Mitchell Melich passed peacefully from this life on June 12, 1999, in Salt Lake City after a long illness. He was 87.
Devoted husband and father and loyal "Utah man" to his beloved state and university, he led a life of accomplishment, rising from humble beginnings in Bingham Canyon to become a candidate for governor of Utah and a high-ranking official in the Nixon administration. In between, he was a 30-year resident of Moab, where he became a central figure in the uranium boom of the '50s and where he raised his family of four children with his loving wife Dorie.Mitch Melich was born in Bingham on February 1, 1912, to Joe and Mary Kalember Melich, who were first-generation Serbs. His father was born Novak Bogdanovich but changed his name after immigrating to the United States; he was a leader in the local and national Serbian community before his death in 1922, when Mitch was 10.
After working his way through high school and college in the copper mine in Bingham, Mitch graduated from the University of Utah with a law degree in 1934. His dedication to the university never waned; he served on its board of regents in the early '60s and also was one of the first members of its national advisory council. He preached education to his children and was most proud of the advanced degrees they earned.
With few job prospects in Salt Lake City during the depths of the Depression, he borrowed a few hundred dollars and headed south to hang out his shingle in Moab. A year later, on June 3, 1935, he married his college sweetheart, Doris M. Snyder, in Salt Lake City and they began a rich and active life in Moab.
He gravitated naturally toward public office, serving for two decades as town attorney and also a stint as Grand County attorney. A Republican, he was elected to the State Senate in 1942; at age 30, he became the youngest member of that body. He served for eight years, during which time he held party leadership posts as minority whip and minority leader. He ran unsuccessfully for Congress in 1948.
His life took a dramatic turn one day in 1952 when a miner named Charlie Steen walked into his law office and declared that he had found uranium and wanted to form a corporation; it became Utex Exploration Co., of which Mitch served as an officer. He also later served as president of the Uranium Reduction Co. for eight years.

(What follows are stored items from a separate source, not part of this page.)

(** * The action of [G] on [S_G(M)] *)

Section Action.
Variables (L : signature) (M : structure L) (m0 : M) (k : nat).
Variables (Gset : set ('I_k -> M)) (mul : Gty Gset -> Gty Gset -> Gty Gset).
Variable one : Gty Gset.
Variables (phiM : formula L) (cM : nat -> M).
Hypothesis mul_phiM : forall a b d : Gty Gset, mul a b = d <->
  sat (cat_env (sval a) (cat_env (sval b) (cat_env (sval d) cM))) phiM.
Hypothesis Gdef : definable Gset.
Hypothesis mulA : associative mul.
Hypothesis mul1g : left_id one mul.
Hypothesis mulVg : forall g, exists h, mul h g = one.

Local Notation mul_preim := (mul_preim mul).
Local Notation mul_preim_definable := (mul_preim_definable m0 mul_phiM Gdef).

Lemma mul_linv_rinv g h : mul h g = one -> mul g h = one.
Proof.
move=> hg; have [h' h'h] := mulVg h.
by rewrite -[mul g h]mul1g -h'h -mulA (mulA h) hg mul1g.
Qed.

Lemma mulg1 g : mul g one = g.
Proof. by have [h hg] := mulVg g; rewrite -hg mulA (mul_linv_rinv hg) mul1g. Qed.

Lemma mul_preimI g D E : mul_preim g (D `&` E) = mul_preim g D `&` mul_preim g E.
Proof.
apply: funext => a; apply: propext; split.
  by move=> [Ga [Da Ea]]; split; exists Ga.
move=> [[Ga Da] [Ga' Ea]]; exists Ga; split => //.
by rewrite (Prop_irrelevance Ga Ga').
Qed.

Lemma mul_preimS g D E : D `<=` E -> mul_preim g D `<=` mul_preim g E.
Proof. by move=> DE a [Ga Da]; exists Ga; apply: DE. Qed.

Lemma mul_preimG g : mul_preim g Gset = Gset.
Proof.
apply: funext => a; apply: propext; split; first by case.
by move=> Ga; exists Ga; exact: svalP.
Qed.

Lemma mul_preimT g : mul_preim g setT = Gset.
Proof. by apply: funext => a; apply: propext; split; [case|move=> Ga; exists Ga]. Qed.

Lemma mul_preim0 g : mul_preim g set0 = set0.
Proof. by apply: funext => a; apply: propext; split => // -[]. Qed.

Lemma mul_preimC g D : mul_preim g (~` D) = Gset `&` ~` mul_preim g D.
Proof.
apply: funext => a; apply: propext; split.
  move=> [Ga nDa]; split => // -[Ga' Da]; apply: nDa.
  by rewrite (Prop_irrelevance Ga Ga').
by move=> [Ga nDa]; exists Ga => Da; apply: nDa; exists Ga.
Qed.

Lemma mul_preim1 D : mul_preim one D = Gset `&` D.
Proof.
apply: funext => a; apply: propext; split.
  by move=> [Ga]; rewrite mul1g.
by move=> [Ga Da]; exists Ga; rewrite mul1g.
Qed.
(* Assume (V1), (V2), (V3), and (In), and let $\delta>0$. Then for every $n\in\mathbb{N}$ and all $t\ge\delta$, $$\mathrm{TV}[v(\hat\rho^n(t))]=\mathrm{TV}[v(\check\rho^n(t))]\le C_\delta,\qquad C_\delta:=3(v_{\max}-v(R))+2\,\frac{\bar x_{\max}-\bar x_{\min}}{\delta}.$$ In particular $(v(\hat\rho^n))_n$ is uniformly bounded in $L^\infty([\delta,\infty);BV(\mathbb{R};[v(R),v_{\max}]))$ and $(v(\check\rho^n))_n$ is uniformly bounded in $L^\infty([\delta,\infty);BV([0,L];[v(R),v_{\max}]))$.
   Context: (V1): $v\in C^1([0,\infty))$ strictly decreasing; (V2): $v(0)=v_{\max}\in\mathbb{R}$; (V3): $\rho\mapsto\rho\,v'(\rho)$ is non-increasing on $[0,\infty)$. $\mathcal{M}_L$: nonnegative compactly supported Radon measures on $\mathbb{R}$ of mass $L>0$. (In): $\bar\rho\in\mathcal{M}_L\cap L^\infty(\mathbb{R})$; $R:=\|\bar\rho\|_{L^\infty}$; $[\bar x_{\min},\bar x_{\max}]$ smallest closed interval containing $\mathrm{supp}\,\bar\rho$. For $n\in\mathbb{N}$: $N_n=2^n$, $\ell_n=2^{-n}L$, $\bar x^n_0=\bar x_{\min}$, $\bar x^n_i=\sup\{x:\int_{\bar x^n_{i-1}}^x\bar\rho<\ell_n\}$; $(x^n_i(t))$ solves $\dot x^n_{N_n}=v_{\max}$, $\dot x^n_i=v(\ell_n/(x^n_{i+1}-x^n_i))$, $x^n_i(0)=\bar x^n_i$; $y^n_i:=\ell_n/(x^n_{i+1}-x^n_i)$. $\hat\rho^n(t,x):=\sum_{i=0}^{N_n-1}y^n_i(t)\chi_{[x^n_i(t),x^n_{i+1}(t))}(x)$, $\check\rho^n(t,z):=\sum_{i=0}^{N_n-1}y^n_i(t)\chi_{[i\ell_n,(i+1)\ell_n)}(z)$, $z\in[0,L]$. *)

From Stdlib Require Import Reals Lra List Sorted ClassicalEpsilon.
Open Scope R_scope.

(** Supremum of a set of reals (the least upper bound when the set is
    nonempty and bounded above; junk value 0 otherwise). *)
Definition Rsup (E : R -> Prop) : R :=
  match excluded_middle_informative (bound E /\ exists x, E x) with
  | left H => proj1_sig (completeness E (proj1 H) (proj2 H))
  | right _ => 0
  end.

Fixpoint sumR (N : nat) (f : nat -> R) : R :=
  match N with
  | O => 0
  | S k => sumR k f + f k
  end.
(* Expand P = sum_(m <= d) b_m T_m in Chebyshev polynomials.  Sampling P at the
   d+1 Chebyshev nodes and using the discrete orthogonality of cos (m theta)
   gives sum b_m^2 <= 2.  The high part of P is sum b_m (T_m)_{>=k}, and
   (T_m)_{>=k} = O_k((m+1)^k) on [-1,1]: for |x| >= 1/2 one divides T_m minus
   its low part by x^k, while for |x| <= 1/2 the high parts of successive T_m
   satisfy the Chebyshev recurrence with a forcing term of size O(m^(k-1)),
   whose energy u^2 - 2xuv + v^2 grows by at most the forcing at each step.
   Cauchy-Schwarz then bounds |P_{>=k}| by sqrt 2 * O_k(d^k sqrt d). *)

Lemma nat_ind2 (P : nat -> Prop) :
  P 0%nat -> P 1%nat -> (forall m, P m -> P (S m) -> P (S (S m))) -> forall m, P m.
Proof.
  intros H0 H1 HS m. enough (P m /\ P (S m)) by tauto.
  induction m as [|m [Hm HSm]]; auto.
Qed.

Lemma Rabs_le_inv (x r : R) : Rabs x <= r -> - r <= x <= r.
Proof. unfold Rabs. destruct (Rcase_abs x); lra. Qed.

Lemma sum_f_R0_single (f : nat -> R) (j N : nat) :
  (j <= N)%nat -> (forall i, (i <= N)%nat -> i <> j -> f i = 0) ->
  sum_f_R0 f N = f j.
Proof.
  induction N as [|N IH]; intros Hj Hf; simpl.
  - now replace j with 0%nat by lia.
  - destruct (Nat.eq_dec j (S N)) as [->|Hne].
    + rewrite sum_eq_R0; [ring|]. intros i Hi. apply Hf; lia.
    + rewrite IH, (Hf (S N)); [ring|lia|lia|lia|]. intros i Hi Hij. apply Hf; lia.
Qed.

Lemma sum_f_R0_stable (f : nat -> R) (N M : nat) :
  (N <= M)%nat -> (forall i, (N < i)%nat -> f i = 0) ->
  sum_f_R0 f M = sum_f_R0 f N.
Proof.
  intros HNM Hf. induction HNM as [|M HNM IH]; [reflexivity|].
  simpl. rewrite IH, (Hf (S M)) by lia. ring.
Qed.

Lemma sum_f_R0_swap (f : nat -> nat -> R) (n m : nat) :
  sum_f_R0 (fun i => sum_f_R0 (fun j => f i j) m) n =
  sum_f_R0 (fun j => sum_f_R0 (fun i => f i j) n) m.
Proof.
  induction n as [|n IH]; simpl; [reflexivity|].
  rewrite IH, <- sum_plus. reflexivity.
Qed.

Lemma sum_f_R0_telescope (g : nat -> R) (n : nat) :
  sum_f_R0 (fun j => g (S j) - g j) n = g (S n) - g 0%nat.
Proof. induction n as [|n IH]; simpl; [ring|]. rewrite IH. ring. Qed.

Lemma sum_f_R0_sqr (f : nat -> R) (N : nat) :
  sum_f_R0 f N ^ 2 = sum_f_R0 (fun i => sum_f_R0 (fun j => f i * f j) N) N.
Proof.
  rewrite <- Rsqr_pow2. unfold Rsqr. rewrite scal_sum. apply sum_eq. intros i _.
  rewrite scal_sum. apply sum_eq. intros j _. ring.
Qed.

(* Cauchy-Schwarz, via the termwise AM-GM [2AB u v <= B^2 u^2 + A^2 v^2]. *)
Lemma sum_f_R0_mul_le (u v : nat -> R) (N : nat) (A B : R) :
  0 < A -> 0 < B ->
  sum_f_R0 (fun i => u i ^ 2) N <= A ^ 2 -> sum_f_R0 (fun i => v i ^ 2) N <= B ^ 2 ->
  sum_f_R0 (fun i => u i * v i) N <= A * B.
Proof.
  intros HA HB Hu Hv.
  apply Rle_trans with (sum_f_R0 (fun i => u i ^ 2 * (B / (2 * A)) + v i ^ 2 * (A / (2 * B))) N).
  - apply sum_Rle. intros i _.
    apply Rmult_le_reg_l with (2 * A * B); [nra|].
    replace (2 * A * B * (u i ^ 2 * (B / (2 * A)) + v i ^ 2 * (A / (2 * B))))
      with ((B * u i) ^ 2 + (A * v i) ^ 2) by (field; lra).
    pose proof (pow2_ge_0 (B * u i - A * v i)). nra.
  - rewrite sum_plus, <- !scal_sum.
    assert (B / (2 * A) * sum_f_R0 (fun i => u i ^ 2) N <= B / (2 * A) * A ^ 2)
      by (apply Rmult_le_compat_l; [apply Rlt_le, Rdiv_lt_0_compat; lra | exact Hu]).
    assert (A / (2 * B) * sum_f_R0 (fun i => v i ^ 2) N <= A / (2 * B) * B ^ 2)
      by (apply Rmult_le_compat_l; [apply Rlt_le, Rdiv_lt_0_compat; lra | exact Hv]).
    replace (A * B) with (B / (2 * A) * A ^ 2 + A / (2 * B) * B ^ 2) by (field; lra).
    lra.
Qed.

Lemma poly_eval_ext (a b : nat -> R) (L : nat) (x : R) :
  (forall n, (n <= L)%nat -> a n = b n) -> poly_eval a L x = poly_eval b L x.
Proof. intros H. apply sum_eq. intros n Hn. now rewrite H. Qed.

Lemma poly_eval_succ (a : nat -> R) (L : nat) (x : R) :
  poly_eval a (S L) x = a 0%nat + x * poly_eval (fun n => a (S n)) L x.
Proof.
  unfold poly_eval. induction L as [|L IH]; [simpl; ring|].
  rewrite tech5, IH, (tech5 (fun n => a (S n) * x ^ n)). simpl. ring.
Qed.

As the uranium boom faded, Mitch turned his attention back to politics. After serving as a Republican national committeeman, he moved to Salt Lake City in 1964 and won the Republican nomination for governor, losing in the general election to Calvin Rampton. When the Republicans won the White House four years later, he was named solicitor of the Department of Interior. He served in that position from 1969-73, first under Walter Hickel and then under Rogers Morton.
He returned to Salt Lake City and joined the law firm of Ray, Quinney and Nebeker; he continued to go to the office until three years ago.
He was for many years a director of First Security Bank of Utah. He was active in public service, not only to the University of Utah but also as a longtime director of St. Mark's Hospital and as a supporter of the local chapter of the Arthritis Foundation, which named him its Man of the Year in 1991.
Mitch was a lifelong learner; he was intensely curious and was a voracious reader. His passion for travel took him to national parks and Republican national conventions with his children, on a journey around the world, on a trip to China when it opened to foreign visitors, and to his parents' Yugoslavian homeland.
He enjoyed golf and avidly rooted for the Utes. He appreciated and supported the arts and, as a member of the State Senate, established legislation founding the Utah Symphony.
He is survived by his wife of 64 years, Dorie; his four children, Tanya (Noel Silverman) of New York City, Michael (Gayle) of Niceville, Fla., Nancy (Lex Hemphill) of Salt Lake City, and Rob (Katie) of Louisville, Colo.; seven grandchildren, Shelly and Christopher Ossana, Karla and Evan Silverman, and Sophie, Megan and Josef Melich; a sister, Sophie Borich; in-laws, Leroy Dickerson, Virginia and Corwin Likins, and Margaret Snyder, and numerous nieces and nephews.
The family wishes to thank Shelly Parkin of Golden Years Consultants and her cadre of devoted caregivers, particularly Cari Allen, Georgia Anderson, and Bobbie Wilson, for their generous service over the last year and a half.
A funeral service will be held Thursday at 11 a.m. at Evans and Early Mortuary, 574 East 100 South, Salt Lake City, where friends may visit with the family Wednesday from 6-8 p.m. Interment will be at Wasatch Lawn Memorial Park. In lieu of flowers, donations may be made to the Mitchell Melich Scholarship Fund at the University of Utah College of Law or to the Arthritis Foundation.